Certainly this is a debate that New Zealand needs to have. Technology promises a faster route to prosperity, and government has some role to play, but what?

New Zealand has a relatively small but successful technology sector. Trouble is, can governments or anyone "pick winners", and is it more a case of the country needing to develop more of an "enterprise culture"?

I doubt that those little tech companies in Wellington and Christchurch are going to lose much sleep over whether or not they can get a tax credit of 12.5 per cent on their R&D spend. I doubt very much that they will find it worthwhile to apply through a troublesome grants process, either.

And it seems that an R&D tax credits system can easily be abused by how businesses can reclassify their spending.

Bruce Simpson, on the Aardvark technology website, points to other issues — and is spot on.

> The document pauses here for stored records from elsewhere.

Record struct (L : lang) := Struct {
  car :> Type;
  rel : forall s : sym L, ('I_(arity s) -> car) -> Prop }.

Record fstruct (L : lang) := FStruct {
  fcar :> finType;
  frel : forall s : sym L, ('I_(arity s) -> fcar) -> Prop }.

Definition to_struct L (A : fstruct L) : struct L := @Struct L (fcar A) (@frel L A).
Coercion to_struct : fstruct >-> struct.

Section Basics.
Variable L : lang.

Definition embedding (A B : struct L) (f : A -> B) : Prop :=
  injective f /\
  forall (s : sym L) (a : 'I_(arity s) -> A), rel a <-> rel (f \o a).

Definition embeds (A B : struct L) : Prop := exists f : A -> B, embedding f.

Definition isomorphism (A B : struct L) (f : A -> B) : Prop :=
  embedding f /\ forall y : B, exists x : A, f x = y.

Definition isomorphic (A B : struct L) : Prop := exists f : A -> B, isomorphism f.

Definition automorphism (A : struct L) (f : A -> A) : Prop := isomorphism f.

Definition rigid (A : struct L) : Prop :=
  forall f : A -> A, automorphism f -> forall x, f x = x.

Definition iso_closed (C : fstruct L -> Prop) : Prop :=
  forall A B : fstruct L, isomorphic A B -> C A -> C B.

Definition hereditary (C : fstruct L -> Prop) : Prop :=
  iso_closed C /\ (forall A : fstruct L, C A -> 0 < #|fcar A|) /\
  forall A B : fstruct L, 0 < #|fcar A| -> embeds A B -> C B -> C A.

Definition JEP (C : fstruct L -> Prop) : Prop :=
  forall A B : fstruct L, C A -> C B ->
    exists D : fstruct L, C D /\ embeds A D /\ embeds B D.

Definition AP (C : fstruct L -> Prop) : Prop :=
  forall (A B1 B2 : fstruct L) (f1 : A -> B1) (f2 : A -> B2),
    C A -> C B1 -> C B2 -> @embedding A B1 f1 -> @embedding A B2 f2 ->
    exists (D : fstruct L) (g1 : B1 -> D) (g2 : B2 -> D),
      C D /\ @embedding B1 D g1 /\ @embedding B2 D g2 /\ g1 \o f1 =1 g2 \o f2.

Definition fraisse_class (C : fstruct L -> Prop) : Prop :=
  hereditary C /\ JEP C /\ AP C.

Definition countable_struct (M : struct L) : Prop :=
  exists f : M -> nat, injective f.

Definition homogeneous (M : struct L) : Prop :=
  forall (A : fstruct L) (f g : A -> M), @embedding A M f -> @embedding A M g ->
    exists h : M -> M, automorphism h /\ h \o f =1 g.

Definition age_is (M : struct L) (C : fstruct L -> Prop) : Prop :=
  forall A : fstruct L, C A <-> (0 < #|fcar A| /\ embeds A M).

Definition fraisse_limit (C : fstruct L -> Prop) (M : struct L) : Prop :=
  inhabited M /\ countable_struct M /\ homogeneous M /\ age_is M C.

Inductive formula : Type :=
  | FEq : nat -> nat -> formula
  | FRel : forall s : sym L, ('I_(arity s) -> nat) -> formula
  | FNeg : formula -> formula
  | FAnd : formula -> formula -> formula
  | FEx : nat -> formula -> formula.

Definition upd (M : Type) (e : nat -> M) (i : nat) (x : M) : nat -> M :=
  fun j => if j == i then x else e j.

Fixpoint sat (M : struct L) (e : nat -> M) (phi : formula) : Prop :=
  match phi with
  | FEq i j => e i = e j
  | FRel s v => rel (e \o v)
  | FNeg p => ~ sat e p
  | FAnd p q => sat e p /\ sat e q
  | FEx i p => exists x : M, sat (upd e i x) p
  end.

Definition definable2 (M : struct L) (R : M -> M -> Prop) : Prop :=
  exists phi : formula, forall e : nat -> M, sat e phi <-> R (e 0) (e 1).

Definition strict_total_order (T : Type) (R : T -> T -> Prop) : Prop :=
  (forall x, ~ R x x) /\ (forall x y z, R x y -> R y z -> R x z) /\
  (forall x y, x <> y -> R x y \/ R y x).

Definition has_total_order_reduct (M : struct L) : Prop :=
  exists R : M -> M -> Prop, definable2 R /\ strict_total_order R.

Definition image_in (A B C : struct L) (e : A -> C) (g : B -> C) : Prop :=
  forall a : A, exists b : B, e a = g b.

Definition monochromatic (A B C : struct L) (chi : (A -> C) -> bool) (g : B -> C) : Prop :=
  forall e1 e2 : A -> C, embedding e1 -> embedding e2 ->
    image_in e1 g -> image_in e2 g -> chi e1 = chi e2.

End Basics.

From Pilot Require Import Defs.
From mathcomp Require Import all_boot zify.
From Stdlib Require Import Classical FunctionalExtensionality.
Set Implicit Arguments. Unset Strict Implicit. Unset Printing Implicit Defensive.

(* Let A0 = {a, b} be the two-element structure of C and call (x, y) an edge
   when a |-> x, b |-> y embeds A0.  Rigidity of A0 makes edges asymmetric and
   uniqueness of the two-element structure makes them total, so the edges form
   a definable tournament on M.  If it is transitive it is the required order.
   Otherwise it contains a directed 3-cycle, which spans a three-element B in
   C.  Colour an embedding of A0 into D by whether it increases a fixed
   enumeration of D: the three edges of a copy of B cannot all get the same
   colour, because a linear order cannot follow a directed cycle. *)

Lemma tournament_order_or_cycle (T : Type) (R : T -> T -> Prop) :
  (forall x y, R x y -> ~ R y x) -> (forall x y, x <> y -> R x y \/ R y x) ->
  strict_total_order R \/ exists x y z, [/\ R x y, R y z & R z x].
Proof.
move=> Rasym Rtotal.
case: (classic (exists x y z, [/\ R x y, R y z & ~ R x z])) => [|no_gap].
  move=> [x [y [z [Rxy Ryz nRxz]]]]; right; exists x, y, z; split=> //.
  have zx : z <> x by move=> E; move: Ryz; rewrite E; exact: Rasym.
  by case: (Rtotal z x zx) => // /nRxz.
left; split; first by move=> x Rxx; exact: (Rasym x x Rxx Rxx).
split=> [x y z Rxy Ryz|]; last exact: Rtotal.
by apply: NNPP => nRxz; apply: no_gap; exists x, y, z.
Qed.

Lemma ltn_cycle_nonconst (m n p : nat) :
  m != n -> (m < n) = (n < p) -> (n < p) = (p < m) -> False.
Proof. by case: (ltnP m n); case: (ltnP n p); case: (ltnP p m) => //=; lia. Qed.

Lemma card2P (T : finType) :
  #|T| = 2 -> exists a b : T, a != b /\ forall t, t = a \/ t = b.
Proof.
rewrite cardE; have := enum_uniq T; have := mem_enum T.
case: (enum T) => [|a [|b [|? ?]]] //= mem_ab uniq_ab _.
exists a, b; split; first by move: uniq_ab; rewrite inE andbT.
move=> t; have : t \in [:: a; b] by rewrite mem_ab.
by rewrite !inE => /orP [] /eqP; [left | right].
Qed.

Section Embeddings.
Variable L : lang.

Lemma embedding_comp (A B D : struct L) (f : A -> B) (g : B -> D) :
  embedding f -> embedding g -> embedding (g \o f).
Proof.
move=> [f_inj f_rel] [g_inj g_rel]; split; first exact: inj_comp.
by move=> s al; rewrite (f_rel s al) (g_rel s (f \o al)).
Qed.

Definition induced (M : struct L) (T : finType) (h : T -> M) : fstruct L :=
  @FStruct L T (fun s al => Defs.rel (h \o al)).

Variables (M : struct L) (T : finType) (h : T -> M).
Hypothesis h_inj : injective h.

Lemma induced_embedding : @embedding L (induced h) M h.
Proof. by []. Qed.

Lemma embedding_induced (A : struct L) (f : A -> T) :
  injective f -> embedding (h \o f) -> @embedding L A (induced h) f.
Proof. by move=> f_inj [_ hf_rel]. Qed.

Lemma age_induced (C : fstruct L -> Prop) :
  age_is M C -> 0 < #|T| -> C (induced h).
Proof. by move=> age_MC T_gt0; apply/age_MC; split=> //; exists h. Qed.

End Embeddings.

Lemma formula_forall_fin (L : lang) (M : struct L) (X : finType)
    (P : X -> (nat -> M) -> Prop) :
  (forall x, exists phi, forall e, sat e phi <-> P x e) ->
  exists phi, forall e, sat e phi <-> forall x, P x e.
Proof.
move=> P_def.
suff [phi phiP] : exists phi, forall e,
    sat e phi <-> forall x, x \in enum X -> P x e.
  by exists phi => e; rewrite phiP; split=> Pe x; [apply: Pe; rewrite mem_enum | move=> _].
elim: (enum X) => [|x l [phi phiP]]; first by exists (FEq L 0 0).
have [psi psiP] := P_def x.
exists (FAnd psi phi) => e /=; rewrite psiP phiP; split.
  by move=> [Pxe Ple] y; rewrite inE => /predU1P [->|]; last exact: Ple.
by move=> Pe; split=> [|y yl]; apply: Pe; rewrite inE ?eqxx ?yl ?orbT.
Qed.

Section TwoPointStructure.
Variables (L : lang) (A0 : fstruct L) (a b : A0).
Hypothesis a_neq_b : a != b.
Hypothesis A0_ab : forall t : A0, t = a \/ t = b.

Definition pairf (Y : Type) (u v : Y) : A0 -> Y := fun t => if t == a then u else v.

Lemma pairf_a (Y : Type) (u v : Y) : pairf u v a = u.
Proof. by rewrite /pairf eqxx. Qed.

Lemma pairf_b (Y : Type) (u v : Y) : pairf u v b = v.
Proof. by rewrite /pairf eq_sym (negbTE a_neq_b). Qed.

Lemma pairf_inj (Y : Type) (u v : Y) : u <> v -> injective (pairf u v).
Proof.
move=> uv t1 t2.
by case: (A0_ab t1) => ->; case: (A0_ab t2) => ->; rewrite ?pairf_a ?pairf_b // => E;
  case: uv; rewrite E.
Qed.

Lemma comp_pairf (Y Z : Type) (h : Y -> Z) (u v : Y) :
  h \o pairf u v = pairf (h u) (h v).
Proof. by apply: functional_extensionality => t /=; rewrite /pairf; case: (t == a). Qed.

Definition edge (M : struct L) (x y : M) : Prop := @embedding L A0 M (pairf x y).

Lemma edge_neq (M : struct L) (x y : M) : edge x y -> x <> y.
Proof.
move=> [f_inj _] xy; have := f_inj a b; rewrite pairf_a pairf_b => /(_ xy) ab.
by move: a_neq_b; rewrite ab eqxx.
Qed.

Lemma pairf_eta (Y : Type) (f : A0 -> Y) : f = pairf (f a) (f b).
Proof.
apply: functional_extensionality => t.
by case: (A0_ab t) => ->; rewrite ?pairf_a ?pairf_b.
Qed.

Lemma edge_asym (M : struct L) (x y : M) : rigid A0 -> edge x y -> ~ edge y x.
Proof.
move=> A0_rigid [_ xy_rel] [_ yx_rel].
have swap_aut : automorphism (pairf b a : A0 -> A0).
  split; last first.
    by move=> t; case: (A0_ab t) => ->; [exists b; rewrite pairf_b | exists a; rewrite pairf_a].
  split; first by apply: pairf_inj => ba; move: a_neq_b; rewrite ba eqxx.
  move=> s al; rewrite xy_rel yx_rel.
  suff -> : pairf y x \o (pairf b a \o al) = pairf x y \o al by [].
  rewrite -[LHS]/((pairf y x \o pairf b a) \o al).
  by rewrite [pairf y x \o pairf b a]pairf_eta /= !(pairf_a, pairf_b).
have := A0_rigid _ swap_aut a; rewrite pairf_a => ba.
by move: a_neq_b; rewrite ba eqxx.
Qed.

Lemma sat_rel_pairf (M : struct L) (e : nat -> M) (s : sym L)
    (al : 'I_(arity s) -> A0) :
  sat e (FRel (pairf 0 1 \o al)) = Defs.rel (pairf (e 0) (e 1) \o al).
Proof. by rewrite /= -(comp_pairf e). Qed.

Lemma edge_definable (M : struct L) : definable2 (@edge M).
Proof.
have [phi phiP] : exists phi, forall e : nat -> M, sat e phi <->
    forall s (al : {ffun 'I_(arity s) -> A0}),
      Defs.rel (al : 'I_(arity s) -> A0) <-> Defs.rel (pairf (e 0) (e 1) \o al).
  apply: formula_forall_fin => s; apply: formula_forall_fin => al.
  case: (classic (Defs.rel (al : 'I_(arity s) -> A0))) => al_rel.
    by exists (FRel (pairf 0 1 \o al)) => e; rewrite sat_rel_pairf; tauto.
  by exists (FNeg (FRel (pairf 0 1 \o al))) => e; rewrite /= -sat_rel_pairf; tauto.
exists (FAnd (FNeg (FEq L 0 1)) phi) => e /=; rewrite phiP; split.
  move=> [e01 rel_iff]; split=> [|s al]; first exact: pairf_inj.
  have al_ffun : fun_of_fin [ffun i => al i] = al.
    by apply: functional_extensionality => i; rewrite ffunE.
  by have := rel_iff s [ffun i => al i]; rewrite al_ffun.
move=> [pair_inj pair_rel]; split; last by move=> s al; exact: pair_rel.
by move=> e01; apply: edge_neq (conj pair_inj pair_rel) e01.
Qed.

Definition rank_colour (D : finType) (f : A0 -> D) : bool :=
  enum_rank (f a) < enum_rank (f b).

Lemma edge_cycle_not_monochromatic (B : struct L) (D : fstruct L) (i j k : B)
    (g : B -> D) :
  edge i j -> edge j k -> edge k i -> embedding g ->
  ~ @monochromatic L A0 B D (@rank_colour D) g.
Proof.
move=> ij jk ki g_emb mono.
have colour_eq u v u' v' : edge u v -> edge u' v' ->
    rank_colour (pairf (g u) (g v)) = rank_colour (pairf (g u') (g v')).
  move=> uv uv'; rewrite -!comp_pairf.
  by apply: mono; try exact: embedding_comp; move=> t; eexists.
apply: (@ltn_cycle_nonconst (enum_rank (g i)) (enum_rank (g j)) (enum_rank (g k))).
- by apply/eqP => /val_inj /enum_rank_inj /(proj1 g_emb); exact: edge_neq ij.
- by have := colour_eq _ _ _ _ ij jk; rewrite /rank_colour !(pairf_a, pairf_b).
- by have := colour_eq _ _ _ _ jk ki; rewrite /rank_colour !(pairf_a, pairf_b).
Qed.

Lemma edge_induced (M : struct L) (T : finType) (h : T -> M) (i j : T) :
  i <> j -> edge (h i) (h j) -> @edge (induced h) i j.
Proof.
by move=> ij hij; apply: embedding_induced; [exact: pairf_inj | rewrite comp_pairf].
Qed.

Lemma edge_total (C : fstruct L -> Prop) (M : struct L) :
  age_is M C -> C A0 -> #|A0| = 2 ->
  (forall A B : fstruct L, C A -> C B -> #|A| = 2 -> #|B| = 2 -> isomorphic A B) ->
  forall x y : M, x <> y -> edge x y \/ edge y x.
Proof.
move=> age_MC C_A0 A0_card uniq2 x y xy.
pose k (t : bool) : M := if t then x else y.
have k_inj : injective k by move=> [] [] //= E; case: xy; rewrite E.
have C_k := age_induced k_inj age_MC (ltac:(by rewrite card_bool) : 0 < #|{: bool}|).
have [f [f_emb _]] := uniq2 _ _ C_A0 C_k A0_card card_bool.
have := embedding_comp f_emb (induced_embedding k_inj); rewrite [k \o f]pairf_eta /=.
have : f a != f b by apply: contra_neq a_neq_b; exact: (proj1 f_emb).
by case: (f a); case: (f b) => // _ kf; [left | right].
Qed.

Like he says, there are also matters of funding, and the banks seem little interested in helping when property tends to be a safer investment. This means that overseas firms tend to buy out innovative New Zealand firms, which then means the profits, and often the work, then moves offshore. Maybe, instead, we need a state-owned investment bank?

Despite a few flaws, Labour's tax credits proposal is worthy of consideration, and its renewed interest in wealth creation is encouraging.

If technology is where New Zealand is to seek its saviour, it is now up to National to see if it can come up with anything better!